Die schönen, mit biblischen Motiven modern gestalteten Glasfenster hüllten den Kirchenraum in ein etwas gedämpftes Licht, das dem Charakter des Gotteshauses entsprach und schon ohne eigenes Zutun eine meditative Grundstimmung hervorrief.

Der Altar war ebenfalls äußerst schlicht gestaltet, aber er beeindruckte mit einer wunderbaren Ästhetik. Gerade Linien, vier schlichte goldene Leuchter mit brennenden Kerzen, eine alte Bibel. Das Antependium in grün mit weißer Stickerei. Ein großes, goldenes Kreuz schwebte, unsichtbar gehalten, wie schwerelos über dem Altartisch. Das Lesepult mit seinem Behang und der Taufstein waren in Stil und Ausführung dem Altar angepasst.

Ich ging weiter nach vorn auf den Chor mit seinem Altar zu.

In den Seitenschiffen gab es zwei weitere, schön gestaltete Altäre, die zum Beten und Meditieren einluden: auf der linken, der Nordseite der Kirche einen mit einem wunderbaren, ganz in violett gehaltenem Bild der Abendmahlsszene, im rechten Seitenschiff, zum Süden hin, einen Marienaltar. Hier war als Motiv eine wunderschöne, modern gestaltete Pièta gewählt worden.

Dieser Altar zog mich an, und so ging ich vom Mittelgang hinüber in das Seitenschiff und setze mich in die letzte der fünf Bankreihen, die davor aufgestellt waren.

Die Gestalt der Maria war mit einem blauen Gewand gekleidet dargestellt, kein Heiligenschein, kein Strahlenkranz, keine Glorie in der Darstellung. Nur eine Frau, die entsetzt, traurig, weinend ihren toten erwachsenen Sohn in den Armen hält; mir schien es, als wolle, könne sie seinen Tod nicht glauben. Der Ausdruck in ihren Augen - so viel, so intensive Trauer hatte ich bisher noch nie gesehen.

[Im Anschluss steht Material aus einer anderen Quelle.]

Lemma mono_low t B c : t \in B -> (c < 2 ^ t)%N -> mono B c = 0.
Proof.
move=> tB lt_c; apply/eqP; rewrite prodf_seq_eq0.
by apply/hasP; exists t => //; rewrite bvecS_low.
Qed.

Lemma mono_addexp t B c : all (fun k => k < t)%N B -> mono B (2 ^ t + c) = mono B c.
Proof. by move=> /allP ltB; apply: eq_big_seq => k /ltB /bvec_addexp ->. Qed.

Lemma mono_high t B c : all (fun k => k < t.+1)%N B -> (c < 2 ^ t)%N ->
  mono B (2 ^ t + c) = mono [seq k <- B | k != t] c.
Proof.
move=> /allP ltB lt_c; rewrite /mono (bigID (pred1 t)) /= big1 ?mul1r; last first.
  by move=> k /eqP ->; rewrite bvecS_high.
rewrite -big_filter; apply: eq_big_seq => k; rewrite mem_filter => /andP[ne_kt kB].
by rewrite bvec_addexp // ltn_neqAle ne_kt -ltnS ltB.
Qed.

Lemma all_filter_neq t B : all (fun k => k < t.+1)%N B ->
  all (fun k => k < t)%N [seq k <- B | k != t].
Proof.
move=> /allP ltB; apply/allP => k; rewrite mem_filter => /andP[ne_kt kB].
by rewrite ltn_neqAle ne_kt -ltnS ltB.
Qed.

Lemma filter_neq_id (t : nat) B : t \notin B -> [seq k <- B | k != t] = B.
Proof. by move=> tB; apply/all_filterP/allP => k kB; apply: contraNneq tB => <-. Qed.

Lemma size_filter_neq (t : nat) B :
  (size [seq k <- B | k != t] + count_mem t B)%N = size B.
Proof. by rewrite size_filter addnC -(count_predC (pred1 t)). Qed.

Der Organist dieser für mich so wunderschönen Kirche, sicher wollte er für den Sonntagsgottesdienst üben, intonierte eine leise, wie hingetupft erscheinende Melodie von einer musikalischen Transparenz, die mich in ihren Bann schlug. Vom letzten Gottesdienst lag noch ein Hauch von Weihrauch in der Luft. Die ganze Situation erschien mir von Minute zu Minute, die ich hier die Pièta in dieser Kirche betrachtete, unwirklicher. Eigentlich hätte ich längst gehen wollen, aber irgendetwas veranlasste mich, ganz still und den Blick nicht von dem Marienbild wendend in der Kirchenbank zu verweilen.

Ich weiß nicht, wie viel Zeit ich hier auf meinem Platz verbracht hatte, tief beeindruckt von der Szene der weinenden Mutter mit ihrem toten Sohn, umhüllt von Weihrauchduft und melodischen Klängen. Und irgendwann sagte in meinem tiefsten Innern etwas (oder jemand?) zu mir, ich solle bleiben.

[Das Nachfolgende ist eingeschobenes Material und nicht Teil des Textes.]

(* Let $x\in J$ with $\mathrm{supp}(x)=\mathbb N$, and let $(A_n)$ be a sequence of nonempty finite subsets of $\mathbb N$ converging pointwise (i.e. their indicator functions converge pointwise) to a set $A\subset\mathbb N$. Then $\lim_{n\to\infty}\|x\|_{A_n}=\|x\|_A$.
   Context: For a real sequence $x=(x(n))_{n\in\mathbb N}$ let $\|x\|_J=\sup\bigl(\sum_{i=1}^n|\sum_{k\in I_i}x(k)|^2\bigr)^{1/2}$ over all $n$ and all families of pairwise disjoint intervals $I_1,\dots,I_n$ of $\mathbb N$ (intervals: nonempty sets of consecutive positive integers). $J=\{x:\|x\|_J<\infty\}$; for $x\in J$ and any interval $I$ (finite or infinite) the series $\sum_{k\in I}x(k)$ converges. $\mathrm{supp}(x)=\{n:x(n)\ne0\}$. For $A\subset\mathbb N$, with $m_0=0$, the partition $\mathcal P_A$ of $\mathbb N$ into intervals is: $\{\mathbb N\}$ if $A=\emptyset$; $\{(m_{i-1},m_i]\}_{i=1}^k\cup\{(m_k,\infty)\}$ if $A=\{m_1<\dots<m_k\}$; $\{(m_{i-1},m_i]\}_{i\in\mathbb N}$ if $A=\{m_1<m_2<\cdots\}$ is infinite (intervals taken in $\mathbb N$). For $x\in J$, $\|x\|_A=\bigl(\sum_{I\in\mathcal P_A}|\sum_{k\in I}x(k)|^2\bigr)^{1/2}$. *)

From HB Require Import structures.
From mathcomp Require Import all_boot all_order all_algebra.
From mathcomp Require Import all_classical all_reals all_analysis.
Set Implicit Arguments. Unset Strict Implicit. Unset Printing Implicit Defensive.
Import Order.TTheory GRing.Theory Num.Theory.
Import numFieldNormedType.Exports.
Local Open Scope classical_set_scope.
Local Open Scope ring_scope.

(* Convention: the paper's N = {1,2,...} is the set of positive elements of
   nat; a real sequence is x : nat -> R whose value at 0 is never used. *)

Definition posnat : set nat := [set k | (0 < k)%N].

Meine Gedanken begannen, sich mit dieser Frau zu beschäftigen, ganz eigene Wege zu gehen, nicht mehr meinem Willen unterworfen, so spürte ich.

Ein kleines Dorf in Galiläa

Es ist ein sehr kleines Dorf in Galiläa, Nazareth, in dem sich der Kreis wieder schließt, der Kreis von der Kindheit bis zum letzten Atemzug einer Frau, die alle Höhen und Tiefen des Lebens durchschritten, Staunen und Freuen, Lieben, Reden und Weinen erlebt hat, einer Frau, die uns vertraut und doch so fremd geblieben ist. Maria, die Mutter des Jesus von Nazareth.

Die Nacht hat ein wenig Kühle in die Häuser gebracht, ein leichter Wind streicht über die karge Sommerlandschaft und um die Häuser des Dorfes.

Die Häuser, aus Lehm und Stroh erbaut, wenige nur, mit angrenzenden Höfen, in denen sich das Vieh lagert, einige Hühner, ein paar Ziegen, vielleicht ein Esel. Olivenbäume auf der leicht ansteigenden Ebene, knorrig, wie für die Ewigkeit geschaffen, der mittags vom Himmel unbarmherzig herab strahlenden Sonne trotzend, und auch einige Getreidefelder und Weinstöcke. Eine unwirklich erscheinende Stille und ein geheimnisvolles Licht liegen über dem Land. Im noch darüber liegenden Dunst sind die Hügel des Berges Tabor zu erkennen.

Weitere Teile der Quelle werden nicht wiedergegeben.